Ермолов посмотрел на письмо и полюбовался:

– Вот и разбирайся, любезный князь.

И подписался:

«Преданный вашего сиятельства слуга

Ермолов».

Он положил бумагу Волконского в папку «секретные», потом вздохнул, застегнулся и вышел из комнаты.

Когда Похвиснев зашел через полчаса в комнату, там никого не было. Крадучись, он подошел к столу, разыскал папку, прочел письмо Волконского и задумался.

III

И Александр и Вильгельм слушались совета Ермолова и не очень обременяли себя работой. По утрам ездили кататься, вечерами ходили в собрание или сидели на балконе, смотрели на кавказские предгорья и слушали, как внизу быстро и картаво говорили между собою хозяйки, рассказывая тифлисские новости за день. Неслышно шаркал туфлями слуга Александр и, переставляя что-то, напевал себе под нос. Ночью Грибоедов подходил к фортепиано, начинал наигрывать, а потом присаживался и играл Фильда часами. Фортепиано было особого устройства, потому что правая рука Грибоедова была прострелена на дуэли. Якубович нарочно прострелил ее, чтобы Грибоедов не мог больше играть.

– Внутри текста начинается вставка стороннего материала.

Lemma glued_rayless : rayless T -> (forall K, comp K -> rayless (TK K)) -> rayless glued_tree.
Proof.
  intros RLT RLK f [HE Hi].
  destruct (ray_eventually_climbs glued_parent_repr f HE Hi) as [m0 Hm0].
  set (g := fun j => f (m0 + j)).
  assert (HV : forall j, glued_vertex (g j))
    by (intros j; exact (proj1 (parent_edge_in glued_parent_repr _ _ (HE (m0 + j))))).
  assert (Hup : forall j, g (S j) <> troot T /\ glued_parent (g (S j)) = g j)
    by (intros j; unfold g; rewrite <- plus_n_Sm; apply Hm0).
  assert (Hig : forall a b, g a = g b -> a = b) by (intros a b Hab; apply Hi in Hab; lia).
  destruct (glued_climbing_ray g HV Hup) as [ET|(n & K & HK & _ & _ & Be)].
  - exact (RLT g (conj ET Hig)).
  - apply (RLK K HK (fun j => g (n + j))). split.
    + intros j. rewrite <- plus_n_Sm. apply Be.
    + intros a b Hab. apply Hig in Hab. lia.
Qed.

(* By the choice of [tK K], the part of [C] leaving [K] reaches [T] at or below [tK K], which lies
   below every vertex of [TK K]. *)
Lemma glued_anchor C z : connected F C -> C z -> glued_vertex z ->
  (forall K, comp K -> exists y, C y /\ ~ K y) -> exists w, C w /\ tv T w /\ tle glued_tree w z.
Proof.
  intros CC Cz [Tz|(K & HK & Kz)] Hleave.
  - exists z. split; auto. split; auto. apply (tle_refl glued_parent_repr). left; auto.
  - destruct (Hleave K HK) as (y & Cy & Ky). destruct (CC z y Cz Cy) as (A & FA & SA & Az & Ay).
    destruct (HtK K HK) as (_ & Hcross).
    destruct (Hcross A) as (w & Aw & Tw & Hw).
    { split; [auto|split; [exists z; split; [apply TK_in_K|]; auto|eauto]]. }
    exists w. split; [apply SA; auto|]. split; auto. apply (glued_tle_TK K w z HK Kz). right; auto.
Qed.

Lemma glued_common_lower C u v w1 w2 : connected F C -> C w1 -> C w2 -> tv T w1 -> tv T w2 ->
  tle glued_tree w1 u -> tle glued_tree w2 v -> exists w, C w /\ tle glued_tree w u /\ tle glued_tree w v.
Proof.
  intros CC C1 C2 T1 T2 L1 L2. pose proof glued_parent_repr as P'.
  destruct (classic (tle T w1 w2)) as [H|H].
  - exists w1. split; auto. split; auto. apply (tle_trans P' w1 w2 v); auto. apply glued_tle_T; auto.
  - destruct (classic (tle T w2 w1)) as [H'|H'].
    + exists w2. split; auto. split; [|auto]. apply (tle_trans P' w2 w1 u); auto. apply glued_tle_T; auto.
    + destruct HT as ((_ & _ & W1T & _) & _).
      destruct (W1T C CC w1 w2 C1 C2 T1 T2 H H') as (w & Cw & A & B).
      exists w. split; auto. split.
      * apply (tle_trans P' w w1 u); auto. apply glued_tle_T; auto.
      * apply (tle_trans P' w w2 v); auto. apply glued_tle_T; auto.
Qed.

Lemma glued_separation C : connected F C -> forall u v, C u -> C v ->
  tv glued_tree u -> tv glued_tree v -> ~ tle glued_tree u v -> ~ tle glued_tree v u ->
  exists w, C w /\ tle glued_tree w u /\ tle glued_tree w v.
Proof.
  intros CC u v Cu Cv Vu Vv Nuv Nvu.
  destruct (classic (exists K, comp K /\ subset C K)) as [(K & HK & SC)|Hno].
  - assert (InK : forall z, C z -> glued_vertex z -> tv (TK K) z).
    { intros z Cz [Tz|(K' & HK' & Kz)]; [exfalso; exact (K_not_T K z HK (SC z Cz) Tz)|].
      replace K with K'; auto. apply (component_unique HF _ _ _ HK' HK).
      exists z. split; [apply TK_in_K|apply SC]; auto. }
    pose proof (InK u Cu Vu) as Ku. pose proof (InK v Cv Vv) as Kv.
    rewrite (glued_tle_TK K u v HK Kv) in Nuv. rewrite (glued_tle_TK K v u HK Ku) in Nvu.
    destruct (HTK K HK) as ((_ & _ & W1K & _) & _).
    destruct (W1K C (conj CC SC) u v Cu Cv Ku Kv) as (w & Cw & A & B); [tauto|tauto|].
    exists w. rewrite (glued_tle_TK K w u HK Ku), (glued_tle_TK K w v HK Kv). auto.
  - assert (Hleave : forall K, comp K -> exists y, C y /\ ~ K y).
    { intros K HK. apply NNPP. intros Hn. apply Hno. exists K. split; auto.
      intros y Cy. apply NNPP. intros Ky. apply Hn. eauto. }
    destruct (glued_anchor C u CC Cu Vu Hleave) as (w1 & C1 & T1 & L1).
    destruct (glued_anchor C v CC Cv Vv Hleave) as (w2 & C2 & T2 & L2).
    exact (glued_common_lower C u v w1 w2 CC C1 C2 T1 T2 L1 L2).
Qed.

Lemma glued_down_attach K u v : comp K -> tv (TK K) v -> tle T u (tK K) ->
  exists C, connected F C /\ C u /\ C v /\ (forall x, C x -> ~ tlt glued_tree x u).
Proof.
  intros HK Kv Hut. destruct (tle_in PT u _ Hut) as [Tu Tt].
  destruct HT as ((_ & _ & _ & W2T) & _).
  destruct (W2T u (tK K) Tu Tt Hut) as (C1 & CC1 & C1u & C1t & HC1).
  destruct (HtK K HK) as ((A0 & (FA0 & (k & Kk & A0k) & _) & A0t & _ & HA0) & _).
  pose proof HK as (_ & CK & _).
  exists (fun x => (C1 x \/ A0 x) \/ K x). split.
  { apply (connected_union HF); [apply (connected_union HF); [auto|apply connected_of_F; auto|eauto]|auto|].
    exists k. split; [right|]; auto. }
  split; [left; left; auto|]. split; [right; apply (TK_in_K K); auto|].
  intros x Cx [Hle Hne]. apply (glued_tle_T x u Tu) in Hle. destruct (tle_in PT x u Hle) as [Tx _].
  destruct Cx as [[Cx|Cx]|Cx].
  - apply (HC1 x Cx). split; auto.
  - apply Hne. apply (tle_antisym PT); auto. apply (tle_trans PT u (tK K) x); auto.
  - exact (K_not_T K x HK Cx Tx).
Qed.

Lemma glued_down_connected u v : tv glued_tree u -> tv glued_tree v -> tle glued_tree u v ->
  exists C, connected F C /\ C u /\ C v /\ (forall x, C x -> ~ tlt glued_tree x u).
Proof.
  intros _ [Tv|(K & HK & Kv)] Huv.
  - apply (glued_tle_T u v Tv) in Huv. destruct (tle_in PT u v Huv) as [Tu _].
    destruct HT as ((_ & _ & _ & W2T) & _).
    destruct (W2T u v Tu Tv Huv) as (C & CC & Cu & Cv & HC).
    exists C. split; auto. split; auto. split; auto.
    intros x Cx [Hle Hne]. apply (HC x Cx). split; auto. apply (glued_tle_T x u Tu); auto.
  - apply (glued_tle_TK K u v HK Kv) in Huv. destruct Huv as [Huv|Huv]; [|apply (glued_down_attach K); auto].
    destruct (tle_in (PK K v HK Kv) u v Huv) as [Ku _].
    destruct (HTK K HK) as ((_ & _ & _ & W2K) & _).
    destruct (W2K u v Ku Kv Huv) as (C & [CC SC] & Cu & Cv & HC).
    exists C. split; auto. split; auto. split; auto.
    intros x Cx [Hle Hne]. apply (glued_tle_TK K x u HK Ku) in Hle. destruct Hle as [Hle|Hle].
    + apply (HC x Cx). split; auto.
    + destruct (tle_in PT x _ Hle) as [Tx _]. exact (K_not_T K x HK (SC x Cx) Tx).
Qed.

Lemma glued_normal : normal_tree (fun _ => True) (connected F) glued_tree.
Proof.
  split; [|exact glued_rooted_ray_necklace].
  split; [exact (parent_repr_rtree glued_parent_repr)|]. split; [intros x _; exact I|].
  split; [exact glued_separation|exact glued_down_connected].
Qed.

Lemma glued_tree_spec :
  normal_tree (fun _ => True) (connected F) glued_tree /\
  troot glued_tree = troot T /\ tv glued_tree (troot T) /\ subtree T glued_tree /\
  (forall x, tv glued_tree x /\ ~ tv T x <-> exists K, comp K /\ tv (TK K) x) /\
  (forall x y, ~ tv T x -> ~ tv T y -> (te glued_tree x y <-> exists K, comp K /\ te (TK K) x y)) /\
  (rayless T -> (forall K, comp K -> rayless (TK K)) -> rayless glued_tree).
Proof.
  split; [exact glued_normal|]. split; [reflexivity|]. split; [left; exact (parent_root_in PT)|].
  split.
  { split; [intros x Hx; left; auto|]. intros x y Exy.
    destruct (parent_edge_in PT x y Exy) as [Vx Vy]. apply glued_edge_T; auto. }
  split.
  { intros x. simpl. unfold glued_vertex. split.
    - intros [[H|H] H']; [contradiction|auto].
    - intros (K & HK & Hx). split; [right; eauto|]. apply (TK_not_T K); auto. }
  split; [exact glued_edge_TK|exact glued_rayless].
Qed.

End Gluing.

Theorem proposition6p3 (S : Type) (F : (S -> Prop) -> Prop) (r : S)
  (T : rtree S) (TK : (S -> Prop) -> rtree S) :
  is_connectoid F ->
  connected F (fun _ => True) ->
  normal_tree (fun _ => True) (connected F) T ->
  troot T = r -> tv T r ->
  (forall K, component (connected F) (fun x => ~ tv T x) K ->
     finite_adhesion (connected F) (tv T) K) ->
  (forall K, component (connected F) (fun x => ~ tv T x) K ->
     normal_tree K (induced_conn (connected F) K) (TK K)) ->
  exists T' : rtree S,
    normal_tree (fun _ => True) (connected F) T' /\
    troot T' = r /\ tv T' r /\
    subtree T T' /\
    (forall x, tv T' x /\ ~ tv T x <->
       exists K, component (connected F) (fun x => ~ tv T x) K /\ tv (TK K) x) /\
    (forall x y, ~ tv T x -> ~ tv T y ->
       (te T' x y <->
        exists K, component (connected F) (fun x => ~ tv T x) K /\ te (TK K) x y)) /\
    (rayless T ->
     (forall K, component (connected F) (fun x => ~ tv T x) K -> rayless (TK K)) ->
     rayless T').
Proof.
  intros HF HS HT <- Hr HFA HTK.
  pose proof (rtree_parent_repr T (proj1 (proj1 HT)) Hr) as PT.
  destruct (choice (fun K t => component (connected F) (fun x => ~ tv T x) K -> attachment F T K t))
    as [tK HtK].
  { intros K. destruct (classic (component (connected F) (fun x => ~ tv T x) K)) as [HK|HK].
    - destruct (attachment_exists _ F T _ _ K HF HS PT (proj1 HT) HK (HFA K HK)) as [t Ht]. eauto.
    - exists (troot T). contradiction. }
  eexists. apply (glued_tree_spec F T TK _ _ tK (fun K => path_parent (TK K)) (fun K => path_depth (TK K))
                  HF HT PT HTK); auto.
  intros K x HK Hx. destruct (HTK K HK) as ((RK & _) & _).
  apply rtree_parent_repr; auto. apply RK. eauto.
Qed.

Раз Грибоедов сказал Вильгельму, смущаясь:

– В собрание идти рано, хочешь, почитаю тебе из своей новой комедии.

По тому, как Грибоедов часами стоял задумавшись у окна, грыз перо в нетерпении за какими-то таинственными бумагами, по его бессоннице Вильгельм знал, что Александр сочиняет. Но теперь он заговорил в первый раз с Вильгельмом об этом.

– Моя комедия – «Горе уму», комедия характерная. Герой у меня наш, от меня немного, от тебя побольше. Вообрази, он возвращается, как ты теперь, из чужих краев, ему изменили, ну, с кем бы, ну, вообрази Похвиснева хотя бы, Николая Николаевича. Аккуратный, услужливый и вместе дрянь преестественная – вот так. Отсюда и катастрофа, смешная, разумеется.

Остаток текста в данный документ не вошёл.